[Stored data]
Definition far_vertex (t : nat * nat * nat) : V n :=
  let: (b1, b2, b3) := far_move t in
  mkV x (orthant_sign (X1 x) (X1 x) * b1) (orthant_sign (X2 x) (X2 x) * b2)
        (orthant_sign (X3 x) (X3 x) * b3).

Lemma far_indexP f k s : ((f, k), s) \in far_index ->
  [/\ (f < 3)%N, (1 <= k <= axis_len f)%N & (s < k)%N].
Proof.
case/allpairsPdep=> -[f' k'] [s' [/allpairsPdep [f'' [k'' [hf hk [-> ->]]]] hs [-> -> ->]]].
by move: hf hk hs; rewrite !mem_iota /= => *; split; lia.
Qed.

Lemma far_vertexP f k s : ((f, k), s) \in far_index ->
  let: (b1, b2, b3) := far_move (f, k, s) in
  [/\ X1 (far_vertex (f, k, s)) = (orthant_sign (X1 x) (X1 x) * b1)%Z,
      X2 (far_vertex (f, k, s)) = (orthant_sign (X2 x) (X2 x) * b2)%Z,
      X3 (far_vertex (f, k, s)) = (orthant_sign (X3 x) (X3 x) * b3)%Z,
      same_orthant x (far_vertex (f, k, s))
    & l1dist x (far_vertex (f, k, s)) = (2 * Z.of_nat k)%Z].
Proof.
move=> /far_indexP [hf hk hs]; rewrite /far_vertex.
have hx := sum_abs_X x.
have := @axis_move_spec f (Z.of_nat k) (Z.of_nat s) (Z.abs (X1 x)) (Z.abs (X2 x)) (Z.abs (X3 x)).
rewrite /far_move /=; case: axis_move => [[b1 b2] b3] hb.
have [p1 p2 p3 ps pL] : [/\ 0 <= b1, 0 <= b2, 0 <= b3,
    b1 + b2 + b3 = Z.abs (X1 x) + Z.abs (X2 x) + Z.abs (X3 x)
  & Z.abs (Z.abs (X1 x) - b1) + Z.abs (Z.abs (X2 x) - b2) + Z.abs (Z.abs (X3 x) - b3)
    = 2 * Z.of_nat k]%Z.
  by apply: hb; move: hf hk; rewrite /axis_len; case: f => [|[|f]] //=; lia.
have [k1 l1 _ o1] := orthant_sign_mul (same_sign_refl (X1 x)) p1.
have [k2 l2 _ o2] := orthant_sign_mul (same_sign_refl (X2 x)) p2.
have [k3 l3 _ o3] := orthant_sign_mul (same_sign_refl (X3 x)) p3.
rewrite /same_orthant /l1dist.
have [-> -> ->] := @X_mkV n x (orthant_sign (X1 x) (X1 x) * b1) (orthant_sign (X2 x) (X2 x) * b2)
  (orthant_sign (X3 x) (X3 x) * b3) ltac:(rewrite k1 k2 k3 -hx; exact: ps).
by rewrite l1 l2 l3.
Qed.

Lemma axis_len_le f : (axis_len f <= n)%N.
Proof. by have := sum_abs_X x; rewrite /axis_len; case: f => [|[|f]] /=; lia. Qed.

Lemma far_vertex_near f k s : ((f, k), s) \in far_index ->
  (dist x (far_vertex (f, k, s)) <= k)%N /\ far_vertex (f, k, s) != x.
Proof.
move=> ht; have [hf hk hs] := far_indexP ht.
have := far_vertexP ht; case: far_move => [[b1 b2] b3] [_ _ _ ho hL]; split.
  apply: dist_le (reach_same_orthant ho hL) _.
  by have := card_V_ge x; have := axis_len_le f; lia.
by apply/eqP => e; move: hL; rewrite e /l1dist; lia.
Qed.

Lemma far_vertex_inj : {in far_index &, injective far_vertex}.
Proof.
move=> [[f k] s] [[f' k'] s'] ht ht' e.
have sgn_neq0 p : orthant_sign p p <> 0%Z by rewrite /orthant_sign; case: (_ || _).
have [hf hk hs] := far_indexP ht; have [hf' hk' hs'] := far_indexP ht'.
have e' : far_move (f, k, s) = far_move (f', k', s').
  case: (far_move (f, k, s)) (far_vertexP ht) => [[b1 b2] b3] [y1 y2 y3 _ _].
  case: (far_move (f', k', s')) (far_vertexP ht') => [[c1 c2] c3] [z1 z2 z3 _ _].
  rewrite -e y1 y2 y3 in z1 z2 z3.
  by rewrite (Z.mul_reg_l _ _ _ (sgn_neq0 _) z1) (Z.mul_reg_l _ _ _ (sgn_neq0 _) z2)
             (Z.mul_reg_l _ _ _ (sgn_neq0 _) z3).
have [-> [/Nat2Z.inj -> /Nat2Z.inj ->]] // :=
  @axis_move_inj f (Z.of_nat k) (Z.of_nat s) f' (Z.of_nat k') (Z.of_nat s') _ _ _ hf hf'
    ltac:(lia) ltac:(lia) ltac:(lia) ltac:(lia) e'.
Qed.

Lemma uniq_far_index : uniq far_index.
Proof.
by apply: allpairs_pair_uniq => *; rewrite ?iota_uniq //; apply: allpairs_pair_uniq => *;
   apply: iota_uniq.
Qed.

Lemma sum_far_index :
  \big[Rplus/R0]_(t <- far_index) / INR t.1.2 ^ 2 =
  \big[Rplus/R0]_(f <- iota 0 3) \big[Rplus/R0]_(k <- iota 1 (axis_len f)) / INR k.
Proof.
rewrite !big_allpairs_dep; apply: eq_bigr => f _.
rewrite big_seq [X in _ = X]big_seq; apply: eq_bigr => k; rewrite mem_iota => /andP [hk _].
have hk0 : INR k <> 0 by apply: not_0_INR; lia.
by rewrite /= Rsum_const_seq size_iota; field.
Qed.

Lemma Zinv_ge_ln : ln (INR n + 1) <= Zinv x.
Proof.
apply: (Rle_trans _ (\big[Rplus/R0]_(t <- far_index) / INR t.1.2 ^ 2)).
  rewrite sum_far_index !big_cons big_nil.
  have -> : n = (axis_len 0 + axis_len 1 + axis_len 2)%N.
    by have := sum_abs_X x; rewrite /axis_len /=; lia.
  rewrite !plus_INR.
  have := ln_add3_le (pos_INR (axis_len 0)) (pos_INR (axis_len 1)) (pos_INR (axis_len 2)).
  have := ln_succ_le_harmonic (axis_len 0); have := ln_succ_le_harmonic (axis_len 1).
  have := ln_succ_le_harmonic (axis_len 2); lra.
apply: (Rle_trans _ (\big[Rplus/R0]_(w <- map far_vertex far_index) / INR (dist x w) ^ 2)).
  rewrite big_map big_seq [X in _ <= X]big_seq; apply: Rsum_le => -[[f k] s] ht.
  have [hd hne] := far_vertex_near ht.
  by apply: Rinv_pow_INR_le; rewrite hd andbT; apply: dist_gt0 => e; rewrite e eqxx in hne.
apply: Rsum_uniq_le => [|w /mapP [t ht ->]|w _]; last exact: inv_INR_pow_ge0.
  by rewrite (map_inj_in_uniq far_vertex_inj) uniq_far_index.
by case: t ht => [[f k] s] /far_vertex_near [].
Qed.
End FarVertices.

(** * Sums of inverse fourth powers of distances *)

Definition natdist (m k : nat) : nat := (m - k) + (k - m).

(* Each value of [natdist i c] is taken at most twice. *)
Lemma sum_natdist_le (F : nat -> R) m c : (forall t, 0 <= F t) -> (c < m)%N ->
  \big[Rplus/R0]_(0 <= i < m) F (natdist i c) <= 2 * \big[Rplus/R0]_(0 <= t < m) F t.
Proof.
move=> h0 hc; rewrite (@big_cat_nat _ _ _ c) //=; last exact: ltnW.
have -> : \big[Rplus/R0]_(0 <= i < c) F (natdist i c) = \big[Rplus/R0]_(0 <= i < c) F i.+1.
  rewrite big_nat_rev /=; apply: eq_big_nat => i hi; congr F; rewrite /natdist; lia.
have -> : \big[Rplus/R0]_(c <= i < m) F (natdist i c) = \big[Rplus/R0]_(0 <= i < m - c) F i.
  rewrite -{1}[c]add0n big_addn; apply: eq_big_nat => i hi; congr F; rewrite /natdist; lia.
have := Rsum_nat_widen h0 hc; rewrite big_nat_recl //= => h1.
have := Rsum_nat_widen h0 (leq_subr c m).
have := h0 0%N; lra.
Qed.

Your instructions:
Lines in the data holding the word "Definition": count them and say how many, nothing more.

Exercise solution:
2